Week of 051114

Open Actions from last week:
  • Look at queries in FTS for locking problem (Gavin/Kris) IN PROGRESS
  • QF for FTS memory leak code - beginnning of this week (Paolo) IN PROGRESS
  • Lyon wants to switch to SRM Copy (fts-support)
  • New LFC sensor to detect current thread usage, and external service availability via CLI tools (James)

Chair: Harry Renshall

On Call: David + Roberto

Monday:

Log: Nothing

New Actions: Kris has not found locking problem in production FTS. They will now load up the test node, fts006, and work on that. The new LFC sensor will be written this week. Meanwhile there is a new operator alarm on which they will reboot and there is an automatic reboot in place. The castor client will be updated today on lxplus and lxbatch and the castor2 request handler will be restarted - all this should be transparent.

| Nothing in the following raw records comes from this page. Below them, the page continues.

Lemma cg_alpha_curv j : (j < J)%N -> alpha j * quadf A (p j) = dotv (r j) (r j).
Proof. by move=> jJ; rewrite divfK // gt_eqF // curv_gt0. Qed.

Lemma cg_res_incr j w : (j < J)%N ->
  alpha j * dotv w (A *m p j) = dotv w (r j.+1) - dotv w (r j).
Proof. by move=> jJ; rewrite r_next // dotvDr dotvZr addrAC subrr add0r. Qed.

Lemma cg_res j : (j <= J)%N -> r j = g + A *m y j.
Proof.
elim: j => [_|j IH jJ]; first by rewrite y0 mulmx0 addr0 r0.
by rewrite r_next // y_next // IH 1?ltnW // mulmxDr -scalemxAr addrA.
Qed.

Lemma cg_dir_res j : (j <= J)%N -> dotv (p j) (r j) = - dotv (r j) (r j).
Proof.
elim: j => [_|j IH jJ]; first by rewrite p0 r0 dotvNl.
have pr_next : dotv (p j) (r j.+1) = 0.
  rewrite r_next // dotvDr dotvZr -/(quadf A (p j)) cg_alpha_curv //.
  by rewrite IH 1?ltnW // addNr.
by rewrite p_next // dotvDl dotvNl dotvZl pr_next mulr0 addr0.
Qed.

Section Orthogonality.
Variable j : nat.
Hypothesis jJ : (j < J)%N.
Hypothesis orth : forall i, (i < j)%N ->
  dotv (r i) (r j) = 0 /\ dotv (p i) (A *m p j) = 0.

Lemma cg_res_conj i : (i <= j)%N ->
  dotv (r i) (A *m p j) = if i == j then - quadf A (p j) else 0.
Proof.
have conj k : (k < j)%N -> dotv (p k) (A *m p j) = 0 by move=> /orth[].
case: i => [|i] ij.
  rewrite r0 -[g]opprK -p0 dotvNl.
  by case: eqP => [<- //|/eqP j0]; rewrite conj ?oppr0 // lt0n eq_sym.
have iJ : (i < J)%N := leq_ltn_trans (ltnW ij) jJ.
rewrite -[r i.+1]opprK -[- r i.+1](addrK (beta i *: p i)) -p_next // opprB.
rewrite dotvDl dotvNl dotvZl conj // mulr0 add0r.
by case: eqP => [<- //|/eqP ij1]; rewrite conj ?oppr0 // ltn_neqAle ij1.
Qed.

Lemma cg_res_orth_next i : (i <= j)%N -> dotv (r i) (r j.+1) = 0.
Proof.
move=> ij; rewrite r_next // dotvDr dotvZr cg_res_conj //.
case: eqP => [->|/eqP ij1]; first by rewrite mulrN cg_alpha_curv // subrr.
by rewrite (orth (_ : i < j)%N).1 ?mulr0 ?addr0 // ltn_neqAle ij1.
Qed.

Lemma cg_conj_next i : (i <= j)%N -> dotv (p i) (A *m p j.+1) = 0.
Proof.
move=> ij; have iJ := leq_ltn_trans ij jJ.
have rAp : alpha i * dotv (r j.+1) (A *m p i) =
    if i == j then dotv (r j.+1) (r j.+1) else 0.
  rewrite cg_res_incr // (dotvC _ (r i)) cg_res_orth_next // subr0.
  case: eqP => [-> //|/eqP ij1].
  by rewrite dotvC cg_res_orth_next // ltn_neqAle ij1 ij.
rewrite p_next // mulmxDr mulmxN -scalemxAr dotvDr dotvNr dotvZr.
rewrite (symA (p i) (r j.+1)).
case: eqP rAp => [-> rAp|/eqP ij1 /eqP]; last first.
  rewrite (orth (_ : i < j)%N).2 ?ltn_neqAle ?ij1 // mulr0 addr0.
  by rewrite mulf_eq0 gt_eqF ?cg_alpha_gt0 //= => /eqP ->; rewrite oppr0.
have a_gt0 := cg_alpha_gt0 jJ.
have -> : dotv (r j.+1) (A *m p j) = dotv (r j.+1) (r j.+1) / alpha j.
  by apply: (mulfI (lt0r_neq0 a_gt0)); rewrite rAp mulrCA divff ?mulr1 // gt_eqF.
rewrite -/(quadf A (p j)); field.
by apply/andP; split; apply: lt0r_neq0;
  rewrite ?dotvv_gt0 ?r_neq0 ?curv_gt0 // ltnW.
Qed.

End Orthogonality.

Lemma cg_orth j : (j <= J)%N -> forall i, (i < j)%N ->
  dotv (r i) (r j) = 0 /\ dotv (p i) (A *m p j) = 0.
Proof.
elim: j => [//|j IH jJ i]; rewrite ltnS => ij.
have orth := IH (ltnW jJ).
by split; [exact: (cg_res_orth_next jJ orth) | exact: (cg_conj_next jJ orth)].
Qed.

Lemma cg_iter_conj j k : (j <= k)%N -> (k <= J)%N -> dotv (y j) (A *m p k) = 0.
Proof.
elim: j => [|j IH] jk kJ; first by rewrite y0 dotv0l.
have jJ : (j < J)%N := leq_trans jk kJ.
rewrite y_next // dotvDl dotvZl IH // 1?ltnW //.
by rewrite (cg_orth kJ jk).2 mulr0 addr0.
Qed.

Lemma cg_iter_res j : (j <= J)%N -> dotv (y j) (r j) = 0.
Proof.
elim: j => [|j IH] jJ; first by rewrite y0 dotv0l.
have jJ' := ltnW jJ.
rewrite y_next // r_next // !(dotvDl, dotvDr, dotvZl, dotvZr) -/(quadf A (p j)).
rewrite IH // (cg_iter_conj (leqnn j) jJ') cg_dir_res // cg_alpha_curv //.
by rewrite mulrN addNr mulr0 !addr0.
Qed.

Lemma cg_iter_dir j : (j <= J)%N -> 0 <= dotv (y j) (p j).
Proof.
elim: j => [|j IH] jJ; first by rewrite y0 dotv0l.
rewrite p_next // dotvDr dotvNr cg_iter_res // oppr0 add0r dotvZr.
rewrite mulr_ge0 ?divr_ge0 ?dotvv_ge0 // y_next // dotvDl dotvZl.
by rewrite addr_ge0 ?IH 1?ltnW // mulr_ge0 ?dotvv_ge0 // ltW // cg_alpha_gt0.
Qed.

Lemma cg_iter_qmodel j : (j <= J)%N -> qmodel g A (y j) <= 0.
Proof.
elim: j => [|j IH] jJ; first by rewrite y0 qmodel0.
have jJ' := ltnW jJ.
rewrite y_next // qmodel_line // -cg_res // cg_dir_res //.
have := cg_alpha_curv jJ; have := cg_alpha_gt0 jJ.
have := dotvv_ge0 (r j); have := IH jJ'.
set a := alpha j; set c := quadf A (p j); set rr := dotv (r j) (r j).
nra.
Qed.

Lemma cg_invariants j : (j <= J)%N ->
  [/\ r j = g + A *m y j, dotv (p j) (r j) = - dotv (r j) (r j),
      0 <= dotv (y j) (p j) & qmodel g A (y j) <= 0].
Proof.
by move=> jJ; split; [apply: cg_res | apply: cg_dir_res | apply: cg_iter_dir |
  apply: cg_iter_qmodel].
Qed.

End ConjugateGradient.

Section SearchDirection.
Variables (R : realType) (n : nat).
Variables (g : 'cV[R]_n) (A : 'M[R]_n) (y p : 'cV[R]_n) (rr : R).
Hypothesis symA : self_adjoint A.
Hypothesis qmodel_y : qmodel g A y <= 0.
Hypothesis yp_ge0 : 0 <= dotv y p.
Hypothesis descent : dotv p (g + A *m y) = - rr.
Hypothesis rr_ge0 : 0 <= rr.

Lemma qmodel_dir (t : R) :
  qmodel g A (y + t *: p) = qmodel g A y - t * rr + t ^+ 2 / 2 * quadf A p.
Proof. by rewrite qmodel_line // descent mulrN. Qed.

Lemma sqr_enorm_dir (t : R) :
  enorm (y + t *: p) ^+ 2 =
  enorm y ^+ 2 + 2 * t * dotv y p + t ^+ 2 * enorm p ^+ 2.
Proof.
rewrite !sqr_enorm !(dotvDl, dotvDr, dotvZl, dotvZr) (dotvC p y); ring.
Qed.

Lemma qmodel_neg_curv (eps t : R) : 0 <= eps -> 0 <= t ->
  quadf A p <= eps * enorm p ^+ 2 ->
  qmodel g A (y + t *: p) <= eps / 2 * enorm (y + t *: p) ^+ 2.
Proof.
move=> eps_ge0 t_ge0 neg; rewrite qmodel_dir sqr_enorm_dir.
have /(mulr_ge0 (sqr_ge0 t)) : 0 <= eps * enorm p ^+ 2 - quadf A p.
  by rewrite subr_ge0.
have := mulr_ge0 eps_ge0 (sqr_ge0 (enorm y)).
have := mulr_ge0 eps_ge0 (mulr_ge0 t_ge0 yp_ge0).
have := mulr_ge0 t_ge0 rr_ge0; have := qmodel_y; lra.
Qed.

Lemma qmodel_dir_le0 (t : R) : 0 < quadf A p -> 0 <= t ->
  enorm (y + t *: p) <= enorm (y + (rr / quadf A p) *: p) ->
  qmodel g A (y + t *: p) <= 0.
Proof.
move=> c_gt0 t_ge0 le_norm; set a := rr / quadf A p in le_norm.
have a_ge0 : 0 <= a by rewrite divr_ge0 // ltW.
have ac : a * quadf A p = rr by rewrite divfK // gt_eqF.
have p_gt0 : 0 < enorm p ^+ 2.
  rewrite sqr_enorm dotvv_gt0; apply: contraTneq c_gt0 => ->.
  by rewrite /quadf mulmx0 dotv0r ltxx.
have t_le : t <= a.
  rewrite leNgt; apply/negP => a_lt.
  have := ler_pM (enorm_ge0 _) (enorm_ge0 _) le_norm le_norm.
  rewrite -!expr2 !sqr_enorm_dir.
  have /mulr_ge0/(_ yp_ge0) : 0 <= t - a by rewrite subr_ge0 ltW.
  have : 0 < (t - a) * (t + a) * enorm p ^+ 2.
    by apply: mulr_gt0 p_gt0; apply: mulr_gt0; lra.
  lra.
have /(mulr_ge0 t_ge0) : 0 <= rr - t * quadf A p.
  by rewrite subr_ge0 -ac ler_pM2r.
rewrite qmodel_dir; have := mulr_ge0 t_ge0 rr_ge0; have := qmodel_y; lra.
Qed.

Lemma qmodel_cg_step : 0 < quadf A p -> 0 < rr ->
  qmodel g A (y + (rr / quadf A p) *: p) < 0.
Proof.
move=> c_gt0 rr_gt0; rewrite qmodel_dir.
have -> : (rr / quadf A p) ^+ 2 / 2 * quadf A p = rr / quadf A p * rr / 2.
  by field; rewrite gt_eqF.
have := divr_gt0 rr_gt0 c_gt0; have := qmodel_y; nra.
Qed.

End SearchDirection.

Section TruncatedCG.
Variables (R : realType) (n : nat).
Variables (g : 'cV[R]_n) (H : 'M[R]_n) (eps delta zeta : R).
Variables (capCG : bool) (M : R).
Hypotheses (g_neq0 : g != 0) (symH : self_adjoint H).
Hypotheses (eps_gt0 : 0 < eps) (delta_gt0 : 0 < delta) (zeta_ge0 : 0 <= zeta).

Discussion: FTS data rates dropped over the weekend but probably because the experiment queues emptied. Today/tomorrow is the LHC committee review of the LCG project during which there will be some demos so service managers should check all their service components. For the same reason the swap over of the global and site bdii and the edg ce will probably be left till Wednesday.

Tuesday:

Log: Nothing

New Actions: Patricia to switch IN2P3 channel to use srm-copy. Harry to follow up how to improve problem reporting flow from GGUS to CERN workflows.

Discussion: Current traffic is a steady 10 MB/s to BNL. We are also seeing at BNL the old problem of a dcache advisoryDelete failing to remove files left after an incomplete transfer causing subsequent transfer attempts to fail with 'file exists, cannot overwrite'. Gavin will follow up. SRM puts to Sara were reported timing out by Atlas. Sara have cleaned out their postgres database and restarted the srm door as the usual fix for this problem. The castor2 request handler restart was postponed till tomorrow since the prereq move of the logging database has not yet happened. A report of srmcp failures to RAL that was submitted to GGUS exposed some confusion in how to interface GGUS and CERN problem management workflows.

Wednesday

Log: Nothing

Actions: Patricia to set up a new FTS channel for BNL T1 to T2 testing. Swap the production lcg-bdii to a new mid-range server (this was announced Monday to be done today after the LHCC review). Harry to warn experiments (esp cms) of a 5-10 minutes router stoppage at 12.00 affecting some disk pools.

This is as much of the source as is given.